■ TRY IT ■
When you reach the line containing "(* norm of W" in the entries below, begin reproducing lines exactly, and stop once the line containing "forall k, (n" is done.

■ MATERIAL SHOWN ■
(* Let $\mathcal{Z}$ be a $C$-Bourgain-Delbaen-$\mathscr{L}_\infty$ sum of a sequence of Banach spaces $(X_n)_{n=1}^\infty$, with associated maps $i_n:\mathcal{W}_n\to\mathcal{W}$, restrictions $r_n$, and subspaces $\mathcal{Z}_n$. Then: (i) $(\mathcal{Z}_n)_{n=1}^\infty$ is a Schauder decomposition of $\mathcal{Z}$ with associated projections $P_n=i_nr_n|_{\mathcal{Z}}:\mathcal{Z}\to\mathcal{Z}$, $n\in\mathbb{N}$; (ii) for all $n\in\mathbb{N}$, $P_n(\mathcal{Z})=i_n(\mathcal{W}_n)$.
   Context: Let $(X_n)_{n=1}^\infty$ be Banach spaces and $(\Delta_n)_{n=1}^\infty$ disjoint finite sets. Let $\mathcal{W}=\big(\oplus_{n=1}^\infty(X_n\oplus\ell_\infty(\Delta_n))_\infty\big)_\infty$ be the space of sequences $(x_n,y_n)_{n=1}^\infty$ with $(x_n,y_n)\in X_n\times\ell_\infty(\Delta_n)$ and norm $\sup_n\max\{\|x_n\|,\|y_n\|\}<\infty$. For $n\in\mathbb{N}$, $\mathcal{W}_n=\big(\oplus_{k=1}^n(X_k\oplus\ell_\infty(\Delta_k))_\infty\big)_\infty$ is identified with the subspace of $\mathcal{W}$ of sequences vanishing after the $n$-th term, and $(X_n\oplus\ell_\infty(\Delta_n))_\infty$ with the subspace of sequences supported on the $n$-th term; $r_n:\mathcal{W}\to\mathcal{W}_n$ is the restriction to the first $n$ terms, and $\pi_{X_n}:\mathcal{W}\to X_n$ is the canonical quotient map $(x_k,y_k)_k\mapsto x_n$. Let $C\geq 1$ and $i_n:\mathcal{W}_n\to\mathcal{W}$ be linear maps with: (a) $\|i_n\|\leq C$ for all $n$; (b) $r_ni_n$ is the identity of $\mathcal{W}_n$; (c) $i_nr_ni_m=i_m$ for all $m\leq n$; (d) $\pi_{X_n}i_m=0$ for all $m<n$. Put $\mathcal{Z}_n=i_n\big((X_n\oplus\ell_\infty(\Delta_n))_\infty\big)$ and $\mathcal{Z}=\overline{\mathrm{span}}\bigcup_n\mathcal{Z}_n$; $\mathcal{Z}$ is called a $C$-Bourgain-Delbaen-$\mathscr{L}_\infty$ sum of $(X_n)$. A Schauder decomposition of a Banach space $Z$ is a sequence of closed subspaces $(Z_n)$ such that each $z\in Z$ uniquely equals $\sum_n z_n$ with $z_n\in Z_n$; its associated projections are $z\mapsto\sum_{k\le n}z_k$. *)

From HB Require Import structures.
From mathcomp Require Import all_boot all_order all_algebra.
From mathcomp Require Import all_classical all_reals all_analysis.
Set Implicit Arguments. Unset Strict Implicit. Unset Printing Implicit Defensive.
Import Order.TTheory GRing.Theory Num.Theory.
Local Open Scope ring_scope.

(* Ambient type of sequences (x_n, y_n)_n with x_n in X n and y_n in
   l_infty(Delta_n) = (D n -> R).  The Banach space W is the subset of
   sequences of finite sup-norm (inW below). *)
Section BD.
Variables (R : realType) (X : nat -> completeNormedModType R) (D : nat -> finType).

Definition Wt := forall n : nat, (X n * (D n -> R))%type.

Definition zeroW : Wt := fun n => (0, fun _ => 0).
Definition addW (u v : Wt) : Wt :=
  fun n => ((u n).1 + (v n).1, fun k => (u n).2 k + (v n).2 k).
Definition scaleW (a : R) (u : Wt) : Wt :=
  fun n => (a *: (u n).1, fun k => a * (u n).2 k).
Definition subW (u v : Wt) : Wt := addW u (scaleW (-1) v).

Definition linfty_norm n (y : D n -> R) : R := \big[Num.max/0]_(k : D n) `|y k|.

Definition blocknorm (u : Wt) n : R := Num.max `|(u n).1| (linfty_norm (u n).2).

(* norm of W (possibly +oo for unbounded sequences) *)
Definition normW (u : Wt) : \bar R :=
  ereal_sup [set (blocknorm u n)%:E | n in [set: nat]].

Definition inW (u : Wt) : Prop := (normW u < +oo)%E.

Definition inWn (n : nat) (u : Wt) : Prop :=
  forall k, (n < k)%N -> (u k).1 = 0 /\ forall d, (u k).2 d = 0.

(* (X_n + l_infty(Delta_n))_infty : sequences supported on the n-th term *)
Definition inBlock (n : nat) (u : Wt) : Prop :=
  forall k, k <> n -> (u k).1 = 0 /\ forall d, (u k).2 d = 0.

(* restriction r_n to the first n terms (indices 0..n) *)
Definition restr (n : nat) (u : Wt) : Wt :=
  fun k => if (k <= n)%N then u k else zeroW k.

Definition piX (n : nat) (u : Wt) : X n := (u n).1.

Definition psum (f : nat -> Wt) (n : nat) : Wt :=
  foldr (fun k acc => addW (f k) acc) zeroW (iota 0 n.+1).

Definition spanW (S : Wt -> Prop) (v : Wt) : Prop :=
  exists l : seq (R * Wt), (forall p, p \in l -> S p.2) /\
    v = foldr (fun p acc => addW (scaleW p.1 p.2) acc) zeroW l.

Definition closureW (S : Wt -> Prop) (z : Wt) : Prop :=
  inW z /\ forall e : R, 0 < e -> exists s, S s /\ (normW (subW z s) < e%:E)%E.

Definition closedW (S : Wt -> Prop) : Prop := forall z, closureW S z -> S z.

Definition linsubW (S : Wt -> Prop) : Prop :=
  [/\ S zeroW, forall u v, S u -> S v -> S (addW u v) &
      forall a u, S u -> S (scaleW a u)].

Definition series_eq (zs : nat -> Wt) (z : Wt) : Prop :=
  forall e : R, 0 < e -> exists N, forall n, (N <= n)%N ->
    (normW (subW z (psum zs n)) < e%:E)%E.

Definition schauder_decomposition (Z : Wt -> Prop) (Zs : nat -> Wt -> Prop) : Prop :=
  (forall n, [/\ linsubW (Zs n), closedW (Zs n) & forall z, Zs n z -> Z z]) /\
  (forall z, Z z -> exists! zs : nat -> Wt,
       (forall n, Zs n (zs n)) /\ series_eq zs z).

Definition associated_projections (Z : Wt -> Prop) (Zs : nat -> Wt -> Prop)
  (P : nat -> Wt -> Wt) : Prop :=
  forall z, Z z -> forall zs : nat -> Wt,
    (forall n, Zs n (zs n)) -> series_eq zs z ->
    forall n, P n z = psum zs n.
(* In the model described in the context, suppose $\triangle C>0$, and let $X(0)$ be the set of symmetric Stackelberg equilibria. Let $\zeta_1=(M+1)\triangle C+\min\big(MN\triangle C,\ MNk+2M\sqrt{Nk\triangle C}\big)$. Then there exists $x\in X(0)$ with $y_j(\mathbf0,x\mathbf1)=0$ if and only if $\alpha_x\le\zeta_1$. Furthermore, such an $x$ is given by \[x=\begin{cases}\frac1{M+1}\alpha_x,&\text{if }0\le\alpha_x<(M+1)\triangle C,\\ \frac1M(\alpha_x-\triangle C),&\text{if }(M+1)\triangle C\le\alpha_x\le\zeta_1.\end{cases}\]
   Context: Model: $M\ge1$ leaders and $N\ge2$ followers; inverse demand $P(q)=\alpha-\beta q$, $\alpha,\beta>0$; leader marginal cost $C$, follower marginal cost $c$, $c\ge C>0$; follower capacity $k>0$. Leader $i$ produces $x_i\ge0$; follower $j$ has forward position $f_j\in\mathbb{R}$ and chooses spot production $y_j\in[0,k]$. Given $\mathbf f,\mathbf x$, the spot market is the game among followers where follower $j$ chooses $y_j\in[0,k]$ to maximize $P(\sum_ix_i+\sum_{j'}y_{j'})(y_j-f_j)-cy_j$; its unique Nash equilibrium is $\mathbf y(\mathbf f,\mathbf x)=(y_1(\mathbf f,\mathbf x),\dots,y_N(\mathbf f,\mathbf x))$. Leader $i$'s payoff is $\psi_i=(P(\sum_ix_i+\sum_{j'}y_{j'}(\mathbf f,\mathbf x))-C)x_i$; $\psi_i(\bar x;x\mathbf1,\mathbf f)$ denotes this payoff when leader $i$ produces $\bar x$ and all other leaders produce $x$. $X(0)=\{x\in\mathbb{R}_+:\psi_i(x;x\mathbf1,\mathbf0)\ge\psi_i(\bar x;x\mathbf1,\mathbf0)\ \forall\bar x\in\mathbb{R}_+,\ \forall i\}$. $\alpha_x=(\alpha-C)/\beta$, $\triangle C=(c-C)/\beta$. *)

From HB Require Import structures.
From mathcomp Require Import all_boot all_order all_algebra.
Set Implicit Arguments. Unset Strict Implicit. Unset Printing Implicit Defensive.
Import Order.TTheory GRing.Theory Num.Theory.
Local Open Scope ring_scope.

Definition cst (R : rcfType) (n : nat) (x : R) : 'I_n -> R := fun _ => x.
Arguments cst {R} n x.

Section Model.
Variable R : rcfType.

Definition price (alpha beta q : R) : R := alpha - beta * q.

Definition total (M N : nat) (x : 'I_M -> R) (y : 'I_N -> R) : R :=
  \sum_(i < M) x i + \sum_(j < N) y j.

Definition upd (n : nat) (v : 'I_n -> R) (j : 'I_n) (z : R) : 'I_n -> R :=
  fun j' => if j' == j then z else v j'.

Definition follower_payoff (alpha beta c : R) (M N : nat) (f : 'I_N -> R)
    (x : 'I_M -> R) (y : 'I_N -> R) (j : 'I_N) : R :=
  price alpha beta (total x y) * (y j - f j) - c * y j.

Definition spot_NE (alpha beta c k : R) (M N : nat) (f : 'I_N -> R)
    (x : 'I_M -> R) (y : 'I_N -> R) : Prop :=
  (forall j, 0 <= y j <= k) /\
  (forall j (z : R), 0 <= z <= k ->
     follower_payoff alpha beta c f x (upd y j z) j
       <= follower_payoff alpha beta c f x y j).


Definition leader_payoff (alpha beta C : R) (M N : nat)
    (ysol : ('I_N -> R) -> ('I_M -> R) -> ('I_N -> R))
    (f : 'I_N -> R) (x : 'I_M -> R) (i : 'I_M) : R :=
  (price alpha beta (total x (ysol f x)) - C) * x i.

(* x \in X(0): symmetric Stackelberg equilibria with zero forward positions *)
Definition inX0 (alpha beta C : R) (M N : nat)
    (ysol : ('I_N -> R) -> ('I_M -> R) -> ('I_N -> R)) (x : R) : Prop :=
  0 <= x /\
  forall (xbar : R) (i : 'I_M), 0 <= xbar ->
    leader_payoff alpha beta C ysol (cst N 0) (upd (cst M x) i xbar) i
      <= leader_payoff alpha beta C ysol (cst N 0) (cst M x) i.

End Model.

From Pilot Require Import Defs.
From HB Require Import structures.
From mathcomp Require Import all_boot all_order all_algebra.
From mathcomp Require Import ring lra.
Import Order.TTheory GRing.Theory Num.Theory.
Set Implicit Arguments. Unset Strict Implicit. Unset Printing Implicit Defensive.
Local Open Scope ring_scope.

(* With no forward positions, follower j earns (P - c) y_j, so its spot output is the
   projection onto [0, k] of the margin T = (P - c) / beta; hence T is the unique root
   of T + N clamp_k(T) = (alpha - c) / beta - (leaders' output), and a leader producing
   z earns beta (T + dC) z.  The followers stay out iff the leaders alone push T to 0.
   If 0 <= alpha_x < (M + 1) dC, the Cournot output alpha_x / (M + 1) already gives
   T < 0 (and x = 0 works when alpha_x < 0).
   Otherwise an equilibrium with inactive followers must sit on the kink T = 0, i.e.
   x = (alpha_x - dC) / M, and it is one iff no deviation letting the followers in pays:
   on the piece 0 < T <= k this is x <= (N + 1) dC, on the capacity piece T > k it is
   x <= dC + N k + 2 sqrt(N k dC) (a quadratic in T with discriminant condition);
   multiplying by M gives zeta1. *)

Section Clamp.
Variable R : realFieldType.
Implicit Types k T y z : R.

Definition clamp k T : R := Num.min (Num.max T 0) k.

Lemma clamp_le0 k T : 0 <= k -> T <= 0 -> clamp k T = 0.
Proof. by move=> k0 T0; rewrite /clamp max_r // min_l. Qed.

Lemma clamp_id k T : 0 <= T <= k -> clamp k T = T.
Proof. by case/andP=> T0 Tk; rewrite /clamp max_l // min_l. Qed.

Lemma clamp_ge k T : 0 <= k -> k <= T -> clamp k T = k.
Proof. by move=> k0 kT; rewrite /clamp max_l ?min_r //; apply: le_trans kT. Qed.

Lemma clamp_ge0 k T : 0 <= k -> 0 <= clamp k T.
Proof. by move=> k0; rewrite le_min le_max lexx orbT. Qed.
Definition visc_subsol (eps : R) (u : R -> R -> R) : Prop :=
  forall phi x0 t0, C2 phi -> 0 < t0 ->
    loc_max (fun x t => u x t - phi x t) x0 t0 ->
    Dt phi x0 t0 + Dx phi x0 t0 - eps * Dx (Dx phi) x0 t0 <= 0.
Definition visc_supersol (eps : R) (u : R -> R -> R) : Prop :=
  forall phi x0 t0, C2 phi -> 0 < t0 ->
    loc_min (fun x t => u x t - phi x t) x0 t0 ->
    Dt phi x0 t0 + Dx phi x0 t0 - eps * Dx (Dx phi) x0 t0 >= 0.

(* u is "the" viscosity solution of the Cauchy problem with initial datum g:
   continuous on R x [0,oo), u(.,0) = g, viscosity sub- and supersolution in
   R x (0,oo), and in the standard uniqueness class (at most linear growth). *)
Definition visc_solution (eps : R) (g : R -> R) (u : R -> R -> R) : Prop :=
  (forall x t, 0 <= t -> cont2_within (fun s => 0 <= s) u x t) /\
  (forall x, u x 0 = g x) /\
  visc_subsol eps u /\ visc_supersol eps u /\
  (exists C : R, forall x t, 0 <= t -> Rabs (u x t) <= C * (1 + Rabs x + t)).

(* Everything rests on one comparison principle: a viscosity subsolution of growth at most
   linear lies below any function that is touched from above, at every point, by paraboloids
   on which u_t + u_x - eps u_xx is nonnegative; the proof penalises with a quadratic in
   (x, t) and maximises over a compact rectangle.  For the transport equation the barriers
   g(y) + L sqrt ((x - t - y)^2 + d^2) give u(x, t) <= g(x - t), and g >= g(-1) gives the
   reverse bound at (0, 1), so u(0, 1) = g(-1).  For the viscous problem, the hypotheses make
   g - g(-1) dominate the truncated ramp (x + 1) 1_[-1,0](x) up to errors controlled by the
   Lipschitz constant.  The ramp evolves explicitly under u_t + u_x = eps u_xx through a
   Gaussian of width sqrt (4 eps t); starting it at a small time tau > 0 keeps it smooth and
   costs O(sqrt (eps tau)).  Its value at (0, 1) is
   sqrt (eps (1 + tau)) (1 - exp (-1 / (4 eps (1 + tau)))) / sqrt PI, and since eps < 1/4 the
   exponent stays below -1 for small tau, which leaves room for the error terms. *)

From Pilot Require Import Defs.
From Stdlib Require Import Reals Lra FunctionalExtensionality.
From Coquelicot Require Import Coquelicot.
Open Scope R_scope.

■ SOLUTION TO THIS EXERCISE ■
(* norm of W (possibly +oo for unbounded sequences) *)
Definition normW (u : Wt) : \bar R :=
  ereal_sup [set (blocknorm u n)%:E | n in [set: nat]].

Definition inW (u : Wt) : Prop := (normW u < +oo)%E.

Definition inWn (n : nat) (u : Wt) : Prop :=
  forall k, (n < k)%N -> (u k).1 = 0 /\ forall d, (u k).2 d = 0.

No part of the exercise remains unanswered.